= Ella E. Clark =

American writer

Ella Elizabeth Clark (January 8, 1896 – July 9, 1984) was an American educator, writer, and Professor Emerita of English. Although Clark was not a trained anthropologist or folklorist, she collected large numbers of American Indian and First Nations oral traditions and made them available to a wide readership.

==Early life and education==
Ella Elizabeth Clark was born in Summertown, Tennessee on January 8, 1896. She is the daughter of Samuel L. and Linda (Shaw) Clark and attended high school in Peoria, Illinois before she started working as a high school teacher for English and dramatics. In 1921 she received her B.A. from Northwestern University and her M.A. in 1927. In the same year she started teaching at the English Department at Washington State University in Pullman, Washington.

==Career==
Her early academic interest was on writing, national forests, and descriptions of the local landscape. During World War II she worked as a fire lookout for the United States Forest Service in the Cascade Range.

In the years after her work as a lookout she went on research trips through North America, interviewed indigenous people, and collected their oral traditions. She published the results of her research in her books Indian Legends of the Pacific Northwest (1953), Indian Legends of Canada (1960), and Indian Legends from the Northern Rockies (1966). In 1966 she received the Governor's Writers Day Award.
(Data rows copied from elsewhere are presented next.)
Lemma alt_4cycle_at_x0 :
  (exists2 i, i < 2 * n & nonsingular col (x i) V2) ->
  (exists2 j, j < 2 * m & nonsingular col (y j) V1) ->
  exists r, r < 2 * m /\ is_alt_cycle adj col 4
    (fun k => nth (x 0) [:: x 0; y r; y (r.+1 %% (2 * m)); y (r.+2 %% (2 * m))] k).
Proof.
move=> [i i_lt x_ns] [j j_lt y_ns].
have N_gt0 := alt_cycle_gt0 Cx; have M_gt0 := alt_cycle_gt0 Cy.
have n_gt0 : 0 < n by rewrite muln_gt0 in N_gt0.
have m_gt0 : 0 < m by rewrite muln_gt0 in M_gt0.
pose E i j := col (x (i %% (2 * n))) (y (j %% (2 * m))).
pose A i := col (x (i %% (2 * n))) (x (i.+1 %% (2 * n))).
pose B j := col (y (j %% (2 * m))) (y (j.+1 %% (2 * m))).
have E_mod i' j' : E i' j' = E (i' %% (2 * n)) (j' %% (2 * m)).
  by rewrite /E !modn_mod.
have E_flip i' j' :
    E (i' + pm1 (2 * n) (A i' == E i' j')) (j' + pm1 (2 * m) (B j' == E i' j'))
    = ~~ E i' j'.
  have := no_good_pair (ltn_pmod i' N_gt0) (ltn_pmod j' M_gt0).
  by rewrite /good_pair !cnbr_mod // negb_eqb addbC => /addbP/esym.
have row_ns : exists i j1 j2, E i j1 != E i j2.
  have [j1 [j2 x_j12]] := nonsingular_mod x_ns.
  by exists i, j1, j2; rewrite /E (modn_small i_lt).
have col_ns : exists j i1 i2, E i1 j != E i2 j.
  have [i1 [i2 y_i12]] := nonsingular_mod y_ns.
  by exists j, i1, i2; rewrite /E (modn_small j_lt) !(col_sym (x _)).
have [r [E0r E0r2]] := exists_alt_fan n_gt0 m_gt0 E_mod
  (alt_cycle_alt Cx) (alt_cycle_alt Cy) E_flip row_ns col_ns.
move: E0r E0r2; rewrite /E /B mod0n => E0r E0r2.
have x0_V1 : x 0 \in V1 by apply/imsetP; exists (Ordinal N_gt0).
have y_V2 k : k < 2 * m -> y k \in V2.
  by move=> k_lt; apply/imsetP; exists (Ordinal k_lt).
exists (r %% (2 * m)); split; first exact: ltn_pmod.
rewrite -[(r %% _).+2]addn2 -[(r %% _).+1]addn1 !modnDml addn1 addn2.
apply: (alt_4cycle_of_fan adj_sym col_sym Cy) => // k k_lt.
- by apply: contraFneq (disjointFr V12_disj x0_V1) => ->; apply: y_V2.
- exact: V12_adj x0_V1 (y_V2 k k_lt).
Qed.

End TwoCycles.

Lemma good_pair_sym (T : Type) (col : T -> T -> bool) N M (x y : nat -> T) i j :
  (forall u v, col u v = col v u) ->
  good_pair col M y N x j i = good_pair col N x M y i j.
Proof.
move=> col_sym; rewrite /good_pair /=.
by rewrite [col (y j) _]col_sym [col (cnbr _ M _ _ _) _]col_sym.
Qed.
Clark devoted a great part of her life to the study of oral traditions of the indigenous people of North America. She recovered many of these traditions from research of library documents such as early anthropological studies, manuscripts of pioneers, but also by talking to members of the Native tribes herself.

Many of the stories collected by Clark deal with landscape features of specific regions of North America. These and other stories contain indigenous knowledge about landmarks as, for example, Crater Lake and cataclysmic events such as earthquakes and floods, and have been used to gain additional insights into the geological past.
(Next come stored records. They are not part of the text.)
Lemma opmul_sumr F (I : Type) (r : seq I) (P : pred I) (f : I -> op) z :
  finite_set F -> ampl F z ->
  opmul z (\big[@opadd D/@opzero D]_(i <- r | P i) f i) =
  \big[@opadd D/@opzero D]_(i <- r | P i) opmul z (f i).
Proof.
move=> fF az; elim: r => [|a r IH]; first by rewrite !big_nil opmul0.
by rewrite !big_cons; case: ifP => Pa //; rewrite (opmulDr _ _ fF az) IH.
Qed.

End OperatorSums.

Section PartialTrace.
Variable D : nat.
Variable p : site D -> nat.
Hypothesis p_gt0 : forall s, (0 < p s)%N.
Local Notation site := (site D).
Local Notation conf := (conf D).
Local Notation op := (op D).
Local Notation valid := (valid p).
Local Notation ampl := (ampliation p).
Local Notation munit := (munit p).

(* The normalised partial trace over site s, tensored with the identity at s:
   the conditional expectation onto the operators acting trivially at s. *)
Definition ptrace (s : site) (z : op) : op :=
  \big[@opadd D/@opzero D]_(a < p s) \big[@opadd D/@opzero D]_(b < p s)
    opscale (p s)%:R^-1 (opmul (munit s a b) (opmul z (munit s b a))).

Lemma ptraceE s z sg tau : ptrace s z sg tau =
  if `[< valid sg /\ valid tau /\ sg s = tau s >] then
    (p s)%:R^-1 * \sum_(b < p s) z (upd_at sg s b) (upd_at tau s b) else 0.
Proof.
rewrite /ptrace opsumE.
under eq_bigr => a _ do rewrite opsumE /opscale.
under eq_bigr => a _ do under eq_bigr => b _ do rewrite opmul_munitl opmul_munitr.
have [v1|v1] := pselect (valid sg); last first.
  rewrite asboolF; last by case.
  by rewrite big1 // => a _; rewrite big1 // => b _; rewrite asboolF ?mulr0 //; case.
have [v2|v2] := pselect (valid tau); last first.
  rewrite asboolF; last by case=> _ [].
  rewrite big1 // => a _; rewrite big1 // => b _.
  case: asboolP => _; last by rewrite mulr0.
  by rewrite asboolF ?mulr0 //; case.
rewrite (bigD1 (Ordinal (v1 s))) //= [X in _ + X]big1 ?addr0; last first.
  move=> a /eqP ne; rewrite big1 // => b _; rewrite asboolF ?mulr0 //.
  by case=> _ [h _]; apply: ne; exact/val_inj.
have [e|ne] := eqVneq (sg s) (tau s).
  rewrite asboolT; last by split.
  rewrite mulr_sumr; apply: eq_bigr => b _.
  by rewrite asboolT; [rewrite asboolT|]; do 2 split=> //.
rewrite asboolF; last by case=> _ [_ h]; move/eqP: ne.
rewrite big1 // => b _; rewrite asboolT; last by split.
by rewrite asboolF ?mulr0 //; case=> _ [h _]; move/eqP: ne; rewrite h.
Qed.

Lemma ampl_ptrace_site s z : ampl [set t | t <> s] (ptrace s z).
Proof.
apply: ampl_intro => [sg tau|sg tau sg' tau' v3 v4 a' o1 o2].
  rewrite ptraceE; case: asboolP => [[v1 [v2 e]] _|]; last by rewrite eqxx.
  split=> // t /= nt; have -> : t = s by apply: contra_notP nt.
  exact: e.
rewrite !ptraceE; case: asboolP => [[v1 [v2 e]] _|]; last by rewrite eqxx.
have e' := a' s (fun h => h erefl).
have h1 b : upd_at sg s b = upd_at sg' s b.
  by apply/funext => t; rewrite /upd_at; case: eqP => // /o1.
have h2 b : upd_at tau s b = upd_at tau' s b.
  by apply/funext => t; rewrite /upd_at; case: eqP => // /o2.
rewrite asboolT; last by split.
by congr (_ * _); apply: eq_bigr => b _; rewrite h1 h2.
Qed.

Lemma ampl_ptrace G s z : finite_set G -> ampl G z ->
  ampl (G `&` [set t | t <> s]) (ptrace s z).
Proof.
move=> fG az.
have fGs : finite_set (G `|` [set s]) by rewrite finite_setU; split.
have aGs : ampl (G `|` [set s]) (ptrace s z).
  have aE a b : ampl (G `|` [set s]) (munit s a b).
    by apply: amplW (ampl_munit _ _ _ _) => t ->; right.
  apply: ampl_sum => a _; apply: ampl_sum => b _; apply: amplZ.
  by apply: amplM => //; apply: amplM => //; apply: amplW az => t; left.
apply: (amplW _ (amplI aGs (ampl_ptrace_site s z))).
by move=> t [[Gt|/= ->] nt].
Qed.

Lemma ptrace_id G s z : ampl G z -> ~ G s -> ptrace s z = z.
Proof.
move=> az nGs; apply/funext => sg; apply/funext => tau; rewrite ptraceE.
case: asboolP => [[v1 [v2 e]]|nc]; last first.
  have [//|/(ampl_nz az) [v1 v2 a]] := eqVneq (z sg tau) 0.
  by case: nc; do 2 split=> //; exact: a.
have [ag|nag] := pselect (agree_off G sg tau).
  have -> : \sum_(b < p s) z (upd_at sg s b) (upd_at tau s b) = \sum_(b < p s) z sg tau.
    apply: eq_bigr => b _; case: az => _; apply=> //.
    - exact: upd_at_valid v1 (ltn_ord b).
    - exact: upd_at_valid v2 (ltn_ord b).
    - by move=> t nt; rewrite /upd_at; case: eqP => // _; exact: ag.
    - by move=> t Gt; rewrite /upd_at; case: eqP => // ts; rewrite ts in Gt.
    - by move=> t Gt; rewrite /upd_at; case: eqP => // ts; rewrite ts in Gt.
  rewrite sumr_const card_ord -[z sg tau *+ p s]mulr_natl mulrA mulVf ?mul1r //.
  by rewrite pnatr_eq0 -lt0n.
have -> : z sg tau = 0.
  by apply/eqP; apply: contra_notT nag => /(ampl_nz az) [].
rewrite big1 ?mulr0 // => b _; apply/eqP; apply: contra_notT nag.
move=> /(ampl_nz az) [_ _ a] t nt; have [->//|ts] := eqVneq t s.
by have := a t nt; rewrite /upd_at (negPf ts).
Qed.

Lemma ptraceD s x y : ptrace s (opadd x y) = opadd (ptrace s x) (ptrace s y).
Proof.
apply/funext => sg; apply/funext => tau; rewrite /opadd !ptraceE.
by case: asboolP => _; rewrite ?addr0 // -mulrDr big_split.
Qed.

Lemma ptrace0 s : ptrace s (@opzero D) = @opzero D.
Proof.
apply/funext => sg; apply/funext => tau; rewrite ptraceE.
by case: asboolP => _ //; rewrite big1 ?mulr0.
Qed.

Lemma ptrace_sum s (I : Type) (r : seq I) (f : I -> op) :
  ptrace s (\big[@opadd D/@opzero D]_(i <- r) f i) =
  \big[@opadd D/@opzero D]_(i <- r) ptrace s (f i).
Proof.
elim: r => [|a r IH]; first by rewrite !big_nil ptrace0.
by rewrite !big_cons ptraceD IH.
Qed.

Section Multiplicativity.
Variables (F G : set site) (s : site) (z w : op).
Hypotheses (fF : finite_set F) (fG : finite_set G).
Hypotheses (az : ampl F z) (aw : ampl G w) (nGs : ~ G s).

Let K := F `|` G `|` [set s].
Let fK : finite_set K. Proof. by rewrite !finite_setU. Qed.
Let aFK x : ampl F x -> ampl K x. Proof. by apply: amplW => t Ft; left; left. Qed.
Let aGK x : ampl G x -> ampl K x. Proof. by apply: amplW => t Gt; left; right. Qed.
Let aEK a b : ampl K (munit s a b).
Proof. by apply: amplW (ampl_munit _ _ _ _) => t ->; right. Qed.
Let wE a b : opmul w (munit s a b) = opmul (munit s a b) w.
Proof.
by apply: (opmul_disjointC aw (ampl_munit _ _ _ _)) => t Gt /= ts; case: nGs; rewrite -ts.
Qed.

Lemma ptraceMr : ptrace s (opmul z w) = opmul (ptrace s z) w.
Proof.
have aFz := aFK az; have aGw := aGK aw.
rewrite /ptrace (@opmul_suml D p K) //; last first.
  move=> a _; apply: ampl_sum => b _; apply: amplZ.
  by apply: amplM => //; apply: amplM.
apply: eq_bigr => a _; rewrite (@opmul_suml D p K) //; last first.
  by move=> b _; apply: amplZ; apply: amplM => //; apply: amplM.
apply: eq_bigr => b _; rewrite opmulZl; congr opscale.
rewrite (opmulA fK aFz aGw (aEK _ _)) wE -(opmulA fK aFz (aEK _ _) aGw).
by rewrite -(opmulA fK (aEK _ _) _ aGw) //; apply: amplM.
Qed.

Lemma ptraceMl : ptrace s (opmul w z) = opmul w (ptrace s z).
Proof.
have aFz := aFK az; have aGw := aGK aw.
rewrite /ptrace (@opmul_sumr D p K) //; apply: eq_bigr => a _.
rewrite (@opmul_sumr D p K) //; apply: eq_bigr => b _.
rewrite opmulZr; congr opscale.
rewrite (opmulA fK aGw aFz (aEK _ _)) -(opmulA fK (aEK _ _) aGw); last exact: amplM.
by rewrite -wE (opmulA fK aGw (aEK _ _)) //; apply: amplM.
Qed.

End Multiplicativity.

End PartialTrace.
Section IteratedPartialTrace.
Variable D : nat.
Variable p : site D -> nat.
Hypothesis p_gt0 : forall s, (0 < p s)%N.
Local Notation site := (site D).
Local Notation op := (op D).
Local Notation ampl := (ampliation p).

Definition ptraces (L : seq site) (z : op) : op := foldr (ptrace p) z L.

Lemma ampl_ptraces L G z : finite_set G -> ampl G z ->
  ampl (G `&` [set t | t \notin L]) (ptraces L z).
Proof.
move=> fG az; elim: L => [|s L IH] /=; first by apply: amplW az => t Gt; split.
apply: amplW (ampl_ptrace s (finite_setIl _ fG) IH) => t [[Gt tL] ts].
by split=> //=; rewrite in_cons negb_or tL andbT; apply/eqP.
Qed.

Lemma ptraces_id L G z : ampl G z -> (forall t, t \in L -> ~ G t) -> ptraces L z = z.
Proof.
move=> az; elim: L => [//|s L IH] hL /=.
rewrite IH => [|t tL]; last by apply: hL; rewrite in_cons tL orbT.
by apply: (ptrace_id p_gt0 az); apply: hL; rewrite in_cons eqxx.
Qed.

Lemma ptracesMr L F G z w : finite_set F -> finite_set G -> ampl F z -> ampl G w ->
  (forall t, t \in L -> ~ G t) -> ptraces L (opmul z w) = opmul (ptraces L z) w.
Proof.
move=> fF fG az aw; elim: L => [//|s L IH] hL /=.
rewrite IH => [|t tL]; last by apply: hL; rewrite in_cons tL orbT.
apply: (ptraceMr (finite_setIl _ fF) fG (ampl_ptraces L fF az) aw).
by apply: hL; rewrite in_cons eqxx.
Qed.

Lemma ptracesMl L F G z w : finite_set F -> finite_set G -> ampl F z -> ampl G w ->
  (forall t, t \in L -> ~ G t) -> ptraces L (opmul w z) = opmul w (ptraces L z).
Proof.
move=> fF fG az aw; elim: L => [//|s L IH] hL /=.
rewrite IH => [|t tL]; last by apply: hL; rewrite in_cons tL orbT.
apply: (ptraceMl (finite_setIl _ fF) fG (ampl_ptraces L fF az) aw).
by apply: hL; rewrite in_cons eqxx.
Qed.

Lemma ptraces_sum L (I : Type) (r : seq I) (f : I -> op) :
  ptraces L (\big[@opadd D/@opzero D]_(i <- r) f i) =
  \big[@opadd D/@opzero D]_(i <- r) ptraces L (f i).
Proof. by elim: L => [//|s L IH] /=; rewrite IH ptrace_sum. Qed.

Lemma ptraces_sum_of_products k (A B : 'I_k -> op) L R TA TB :
  finite_set TA -> finite_set TB -> (forall i, ampl TA (A i)) -> (forall i, ampl TB (B i)) ->
  (forall t, t \in L -> ~ TB t) -> (forall t, t \in R -> ~ TA t) ->
  ptraces L (ptraces R (\big[@opadd D/@opzero D]_(i < k) opmul (A i) (B i))) =
  \big[@opadd D/@opzero D]_(i < k) opmul (ptraces L (A i)) (ptraces R (B i)).
Proof.
move=> fA fB aA aB LB RA; rewrite !ptraces_sum; apply: eq_bigr => i _.
rewrite (ptracesMl fB fA (aB i) (aA i) RA).
apply: (ptracesMr fA (finite_setIl _ fB) (aA i) (ampl_ptraces R fB (aB i))).
by move=> t /LB tB [].
Qed.

End IteratedPartialTrace.

Section SumsOfProducts.
Variable D : nat.
Variable p : site D -> nat.
Hypothesis p_gt0 : forall s, (0 < p s)%N.
Local Notation site := (site D).
Local Notation op := (op D).
Local Notation valid := (valid p).
Local Notation ampl := (ampliation p).
Local Notation munit := (munit p).

Inductive sum_of_products (P Q : op -> Prop) : op -> Prop :=
| sop0 : sum_of_products P Q (@opzero D)
| sopS u v r : P u -> Q v -> sum_of_products P Q r ->
    sum_of_products P Q (opadd (opmul u v) r).

Lemma sopD P Q x y :
  sum_of_products P Q x -> sum_of_products P Q y -> sum_of_products P Q (opadd x y).
Proof.
elim=> [|u v r Pu Qv _ IH] sy; first by rewrite op0add.
by rewrite -opaddA; apply: sopS => //; exact: IH.
Qed.

Lemma sop_sum P Q (I : Type) (r : seq I) (f : I -> op) :
  (forall i, sum_of_products P Q (f i)) ->
  sum_of_products P Q (\big[@opadd D/@opzero D]_(i <- r) f i).
Proof.
move=> h; elim: r => [|a r IH]; first by rewrite big_nil; exact: sop0.
by rewrite big_cons; apply: sopD.
Qed.

Lemma sopW P Q P' Q' x : (forall u, P u -> P' u) -> (forall v, Q v -> Q' v) ->
  sum_of_products P Q x -> sum_of_products P' Q' x.
Proof.
move=> hP hQ; elim=> [|u v r Pu Qv _ IH]; first exact: sop0.
by apply: sopS => //; [apply: hP|apply: hQ].
Qed.

Lemma sop_mull K P Q P' e x : finite_set K -> ampl K e ->
  (forall u, P u -> ampl K u) -> (forall v, Q v -> ampl K v) ->
  (forall u, P u -> P' (opmul e u)) ->
  sum_of_products P Q x -> sum_of_products P' Q (opmul e x).
Proof.
move=> fK aK hP hQ hP'; elim=> [|u v r Pu Qv dr IH]; first by rewrite opmul0; exact: sop0.
rewrite (opmulDr _ _ fK aK) -(opmulA fK aK (hP _ Pu) (hQ _ Qv)).
by apply: sopS => //; apply: hP'.
Qed.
Clark retired as English lecturer in 1961. Her health deteriorated and she moved to La Jolla, California. Clark finished her last project, Sacagawea of the Lewis and Clark Expedition (1983) with the help of Margot Edmonds. After she had suffered a stroke, she was sent to a nursing home. Clark died in California at the age of 88 on July 9, 1984.

== Critical reception ==
Clark wrote her books for a general readership, teachers, and students. For this purpose she frequently edited the original texts, which was criticized by some anthropologists and folklorists Other scholars such as Canadian anthropologist Marius Barbeau acknowledged Clark's work and effort "considering that she is not a professional folklorist."

The stories collected by Clark have been cited in various handbooks and anthologies of indigenous American oral traditions.

== Works ==
- Clark, Ella E. (1953). Indian legends of the Pacific Northwest. Berkeley: University of California Press.
- Clark, Ella E. (1960). Indian Legends of Canada. Toronto: McClelland and Stewart Inc.
- Clark, Ella E. (1966). Indian Legends from the Northern Rockies. Norman, Oklahoma: University of Oklahoma Press.
- Clark, Ella E., and Margot Edmonds. (1983). Sacagawea of the Lewis and Clark Expedition. Berkeley and Los Angeles: University of California Press.

==Sources==
- Cage 146, Ella Elizabeth Clark Papers. Manuscripts, Archives, and Special Collections, Washington State University Libraries, Pullman, WA.
- Wright, Frances Valentine, ed. Who’s Who Among Pacific Northwest Authors. (1969). 2nd ed. Pacific Northwest Library Association.
- Who's Who of American Women. 1972-1973. 7th. ed. (1971). Chicago: Marquis Who's Who, Inc.